What you have to do: The lines from the start of the data through the line with "Definition r_fun (n" are to be returned verbatim; all later lines are to be omitted.

(Excerpts from a dataset)
____

(* Let $\Omega_n=\dfrac{\pi^{n/2}}{\Gamma\left(\frac n2+1\right)}$ for $n\in\mathbb{N}_0$, and \[ r(n)=1+\frac1{2n}-\frac3{8n^2}+\frac3{16n^3},\qquad s(n)=r(n)+\frac3{128n^4}. \] Then $r(n)<\frac{\Omega_n^2}{\Omega_{n-1}\Omega_{n+1}}$ for every integer $n\ge6$, and $\frac{\Omega_n^2}{\Omega_{n-1}\Omega_{n+1}}<s(n)$ for every integer $n\ge1$.
   Context: $\Omega_n$ is the volume of the unit ball in $\mathbb{R}^n$ ($\Omega_0=1$); $\Gamma$ is Euler's gamma function. *)

From Stdlib Require Import Reals.
From Coquelicot Require Import Coquelicot.
Open Scope R_scope.

Definition Gamma (x : R) : R :=
  RInt_gen (fun t => Rpower t (x - 1) * exp (- t)) (at_right 0) (Rbar_locally p_infty).

Definition Omega (n : nat) : R :=
  Rpower PI (INR n / 2) / Gamma (INR n / 2 + 1).

Definition r_fun (n : nat) : R :=
  1 + 1 / (2 * INR n) - 3 / (8 * INR n ^ 2) + 3 / (16 * INR n ^ 3).

Definition s_fun (n : nat) : R := r_fun n + 3 / (128 * INR n ^ 4).

Definition omega_ratio (n : nat) : R :=
  Omega n ^ 2 / (Omega (n - 1) * Omega (n + 1)).

From Stdlib Require Import Reals Lra Lia Classical.
From Coquelicot Require Import Coquelicot.
Open Scope R_scope.

(* Write [R n = omega_ratio n = G(x) G(x+1) / G(x+1/2)^2] with [x = (n+1)/2].  The functional
   equation [G(x+1) = x G(x)] gives [R n * R (n+1) = (n+2)/(n+1)] and
   [R (n+2) = q n * R n] with [q n = (n+1)(n+3)/(n+2)^2], while log-convexity of the Euler
   integral (pointwise AM-GM) gives [R n >= 1]; hence [R n -> 1].  The polynomials satisfy
   [s (n+2) < q n * s n] and, for [n >= 6], [r (n+2) >= q n * r n].  So along [n, n+2, n+4, ...]
   the quotient [R/s] strictly increases and [r/R] does not decrease; as both tend to 1, the first
   term of each lies strictly below 1. *)

Definition gamma_integrand (x t : R) : R := Rpower t (x - 1) * exp (- t).

Lemma ball_R_iff x e y : ball x e y <-> Rabs (y - x) < e.
Proof. reflexivity. Qed.

Lemma exp_le_mono a b : a <= b -> exp a <= exp b.
Proof.
  intros [Hlt | ->]; [left; now apply exp_increasing | right; reflexivity].
Qed.

Lemma exp_le_1 a : a <= 0 -> exp a <= 1.
Proof. intros Ha; rewrite <- exp_0; now apply exp_le_mono. Qed.

Lemma is_derive_Rpower y t : 0 < t ->
  is_derive (fun u => Rpower u y) t (y * Rpower t (y - 1)).
Proof. intros Ht; apply is_derive_Reals, derivable_pt_lim_power, Ht. Qed.

Lemma continuous_Rpower y t : 0 < t -> continuous (fun u => Rpower u y) t.
Proof.
  intros Ht; apply (ex_derive_continuous (K := R_AbsRing) (V := R_NormedModule)).
  eexists; now apply is_derive_Rpower.
Qed.

Lemma continuous_exp_opp t : continuous (fun u => exp (- u)) t.
Proof.
  apply continuous_exp_comp,
    (ex_derive_continuous (K := R_AbsRing) (V := R_NormedModule) (fun u => - u)).
  auto_derive; auto.
Qed.

Lemma continuous_gamma_integrand x t : 0 < t -> continuous (gamma_integrand x) t.
Proof.
  intros Ht; apply (continuous_mult (fun u => Rpower u (x - 1)) (fun u => exp (- u))).
  - now apply continuous_Rpower.
  - apply continuous_exp_opp.
Qed.

Lemma gamma_integrand_pos x t : 0 < gamma_integrand x t.
Proof. apply Rmult_lt_0_compat; apply exp_pos. Qed.

Lemma at_right_0_lt a0 : 0 < a0 -> at_right 0 (fun a => 0 < a < a0).
Proof.
  intros Ha0; exists (mkposreal a0 Ha0); intros y Hy Hy0.
  change (Rabs (y - 0) < a0) in Hy.
  rewrite Rminus_0_r, Rabs_right in Hy; lra.
Qed.

Lemma filter_prod_pos :
  filter_prod (at_right 0) (Rbar_locally p_infty) (fun ab => 0 < fst ab /\ 0 < snd ab).
Proof.
  apply (Filter_prod _ _ _ (fun a => 0 < a) (fun b => 0 < b)).
  - exists (mkposreal 1 Rlt_0_1); auto.
  - exists 0; auto.
  - auto.
Qed.

Section NonnegativeOnHalfLine.

Variable f : R -> R.
Hypothesis f_cont : forall t, 0 < t -> continuous f t.
Hypothesis f_ge0 : forall t, 0 < t -> 0 <= f t.

Lemma ex_RInt_half_line a b : 0 < a -> 0 < b -> ex_RInt f a b.
Proof.
  intros Ha Hb; apply (ex_RInt_continuous (V := R_CompleteNormedModule)).
  intros z [Hz _]; apply f_cont.
  apply Rlt_le_trans with (Rmin a b); [now apply Rmin_glb_lt | exact Hz].
Qed.

Lemma RInt_half_line_ge0 a b : 0 < a -> a <= b -> 0 <= RInt f a b.
Proof.
  intros Ha Hab; apply RInt_ge_0; [exact Hab | apply ex_RInt_half_line; lra |].
  intros z Hz; apply f_ge0; lra.
Qed.

Lemma RInt_half_line_Chasles a b c : 0 < a -> 0 < b -> 0 < c ->
  RInt f a b + RInt f b c = RInt f a c.
Proof.
  intros Ha Hb Hc.
  exact (RInt_Chasles f a b c (ex_RInt_half_line a b Ha Hb) (ex_RInt_half_line b c Hb Hc)).
Qed.

Lemma RInt_half_line_widen a a' b' b : 0 < a -> a <= a' -> a' <= b' -> b' <= b ->
  RInt f a' b' <= RInt f a b.
Proof.
  intros Ha Haa' Hab' Hbb.
  rewrite <- (RInt_half_line_Chasles a a' b), <- (RInt_half_line_Chasles a' b' b) by lra.
  pose proof (RInt_half_line_ge0 a a' Ha Haa').
  pose proof (RInt_half_line_ge0 b' b ltac:(lra) Hbb).
  lra.
Qed.

(* The improper integral is the supremum of the proper ones. *)
Lemma is_RInt_gen_half_line_bounded M :
  (forall a b, 0 < a -> a < b -> RInt f a b <= M) ->
  exists L, is_RInt_gen f (at_right 0) (Rbar_locally p_infty) L /\
            forall a b, 0 < a -> a < b -> RInt f a b <= L.
Proof.
  intros HM.
  set (E := fun z => exists a b, 0 < a /\ a < b /\ z = RInt f a b).
  assert (HE : bound E) by (exists M; intros z (a & b & Ha & Hab & ->); now apply HM).
  assert (HE12 : E (RInt f 1 2)) by (exists 1, 2; repeat split; lra).
  destruct (completeness E HE (ex_intro _ _ HE12)) as [L [HLub HLleast]].
  assert (HL : forall a b, 0 < a -> a < b -> RInt f a b <= L)
    by (intros a b Ha Hab; apply HLub; now exists a, b).
  exists L; split; [| exact HL].
  apply filterlimi_locally; intros eps.
  assert (Hnear : exists a0 b0, 0 < a0 /\ a0 < b0 /\ L - eps < RInt f a0 b0).
  { apply NNPP; intros Hnone.
    assert (Hub : is_upper_bound E (L - eps)).
    { intros z (a & b & Ha & Hab & ->); apply Rnot_lt_le; intros Hlt.
      apply Hnone; now exists a, b. }
    pose proof (HLleast _ Hub); pose proof (cond_pos eps); lra. }
  destruct Hnear as (a0 & b0 & Ha0 & Hab0 & Hlt).
  apply (Filter_prod _ _ _ (fun a => 0 < a < a0) (fun b => b0 < b)).
  - now apply at_right_0_lt.
  - now exists b0.
  - intros a b Ha Hb; exists (RInt f a b); split.
    + apply (RInt_correct (V := R_CompleteNormedModule)), ex_RInt_half_line; lra.
    + apply ball_R_iff; simpl.
      pose proof (HL a b ltac:(lra) ltac:(lra)).
      pose proof (RInt_half_line_widen a a0 b0 b ltac:(lra) ltac:(lra) ltac:(lra) ltac:(lra)).
      apply Rabs_def1; lra.
Qed.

____

Answer space:
(* Let $\Omega_n=\dfrac{\pi^{n/2}}{\Gamma\left(\frac n2+1\right)}$ for $n\in\mathbb{N}_0$, and \[ r(n)=1+\frac1{2n}-\frac3{8n^2}+\frac3{16n^3},\qquad s(n)=r(n)+\frac3{128n^4}. \] Then $r(n)<\frac{\Omega_n^2}{\Omega_{n-1}\Omega_{n+1}}$ for every integer $n\ge6$, and $\frac{\Omega_n^2}{\Omega_{n-1}\Omega_{n+1}}<s(n)$ for every integer $n\ge1$.
   Context: $\Omega_n$ is the volume of the unit ball in $\mathbb{R}^n$ ($\Omega_0=1$); $\Gamma$ is Euler's gamma function. *)

From Stdlib Require Import Reals.
From Coquelicot Require Import Coquelicot.
Open Scope R_scope.

Definition Gamma (x : R) : R :=
  RInt_gen (fun t => Rpower t (x - 1) * exp (- t)) (at_right 0) (Rbar_locally p_infty).

Definition Omega (n : nat) : R :=
  Rpower PI (INR n / 2) / Gamma (INR n / 2 + 1).

Definition r_fun (n : nat) : R :=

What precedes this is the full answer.